## Goal of the exercise
Check each line of the material for the string "projED", and copy the lines that have it.
Materials provided: Begin
Lemma projEperp_sub x : (projEperp E x <= perp E)%MS.
Proof. exact: proj_mx_compl_sub (addsmx_perp_full x). Qed.

Lemma projE_id [u] : (u <= E)%MS -> projE E u = u.
Proof. exact/proj_mx_id/capmx_perp. Qed.

Lemma projE_perp [u] : (u <= perp E)%MS -> projE E u = 0.
Proof. exact/proj_mx_0/capmx_perp. Qed.

Lemma projED x y : projE E (x + y) = projE E x + projE E y.
Proof. exact: mulmxDl. Qed.

Lemma projE_add_perp x : projE E x + projEperp E x = x.
Proof. by rewrite /projEperp addrC subrK. Qed.

Lemma dotp_add_perp [u v u' v'] :
  (u <= E)%MS -> (v <= perp E)%MS -> (u' <= E)%MS -> (v' <= perp E)%MS ->
  dotp (u + v) (u' + v') = dotp u u' + dotp v v'.
Proof.
move=> uE vEp u'E v'Ep; rewrite dotpDl !dotpDr (dotp_perp uE v'Ep).
by rewrite (dotpC v u') (dotp_perp u'E vEp) addr0 add0r.
Qed.

Variable g : 'rV[R]_p -> 'rV[R]_p.
Hypothesis g_perp : forall u, (u <= perp E)%MS -> (g u <= perp E)%MS.

Lemma projE_fmap_perp x : projE E (fmap_perp E g x) = projE E x.
Proof.
rewrite /fmap_perp projED.
by rewrite (projE_id (projE_sub x)) (projE_perp (g_perp _ (projEperp_sub x))) addr0.
Qed.

Lemma projEperp_fmap_perp x : projEperp E (fmap_perp E g x) = g (projEperp E x).
Proof. by rewrite /projEperp projE_fmap_perp /fmap_perp addrAC subrr add0r. Qed.

Lemma fmap_perpK gi : (forall u, (u <= perp E)%MS -> gi (g u) = u) ->
  cancel (fmap_perp E g) (fmap_perp E gi).
Proof.
move=> gK x; rewrite {1}/fmap_perp projE_fmap_perp projEperp_fmap_perp.
by rewrite gK ?projEperp_sub ?projE_add_perp.
Qed.

End OrthogonalDecomposition.

Section PerpMaps.
Context {R : realType} {p : nat} {E : 'M[R]_p}.
Implicit Types (g : 'rV[R]_p -> 'rV[R]_p) (x u v w : 'rV[R]_p).

Lemma orthogonal_linear_on_perp0 [g] : orthogonal_linear_on_perp E g -> g 0 = 0.
Proof.
move=> [_ [g_lin _]]; apply/(addrI (g 0)); rewrite addr0.
by have := g_lin 1 0 0 (sub0mx _ _) (sub0mx _ _); rewrite scaler0 addr0 scale1r.
Qed.

Lemma orthogonal_linear_on_perp_sum [g] n (c : 'I_n -> R) (v : 'I_n -> 'rV[R]_p) :
  orthogonal_linear_on_perp E g -> (forall i, (v i <= perp E)%MS) ->
  g (\sum_i c i *: v i) = \sum_i c i *: g (v i).
Proof.
move=> gE vE; have [_ [g_lin _]] := gE.
pose P s t := (s <= perp E)%MS /\ g s = t.
suff [] : P (\sum_i c i *: v i) (\sum_i c i *: g (v i)) by [].
apply: (big_rec2 P); first by rewrite /P sub0mx (orthogonal_linear_on_perp0 gE).
by move=> i s t _ [sE <-]; rewrite /P addmx_sub ?scalemx_sub ?g_lin.
Qed.

(* The Gram matrices of the rows of [perp E] and of their images coincide, so
   the images span a space of the same rank. *)
Lemma orthogonal_linear_on_perp_surj [g w] :
  orthogonal_linear_on_perp E g -> (w <= perp E)%MS ->
  exists2 u, (u <= perp E)%MS & g u = w.
Proof.
move=> gE wE; have [g_perp [_ g_dot]] := gE.
pose W := \matrix_(i < p) g (row i (perp E)).
have WE : (W <= perp E)%MS.
  by apply/row_subP => i; rewrite rowK g_perp ?row_sub.
have gram : W *m W^T = perp E *m (perp E)^T.
  by apply/matrixP => i j; rewrite !mulmx_tr_dotp !rowK g_dot ?row_sub.
have EW : (perp E <= W)%MS.
  have [_ <-] := mxrank_leqif_sup WE.
  by rewrite -mxrank_gram gram mxrank_gram.
have /submxP[a ->] := submx_trans wE EW.
exists (a *m perp E); first exact: submxMl.
rewrite !mulmx_sum_row orthogonal_linear_on_perp_sum // => [|i]; last exact: row_sub.
by apply: eq_bigr => i _; rewrite rowK.
Qed.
Materials provided: End
## Exercise answer
Lemma projED x y : projE E (x + y) = projE E x + projE E y.
rewrite /fmap_perp projED.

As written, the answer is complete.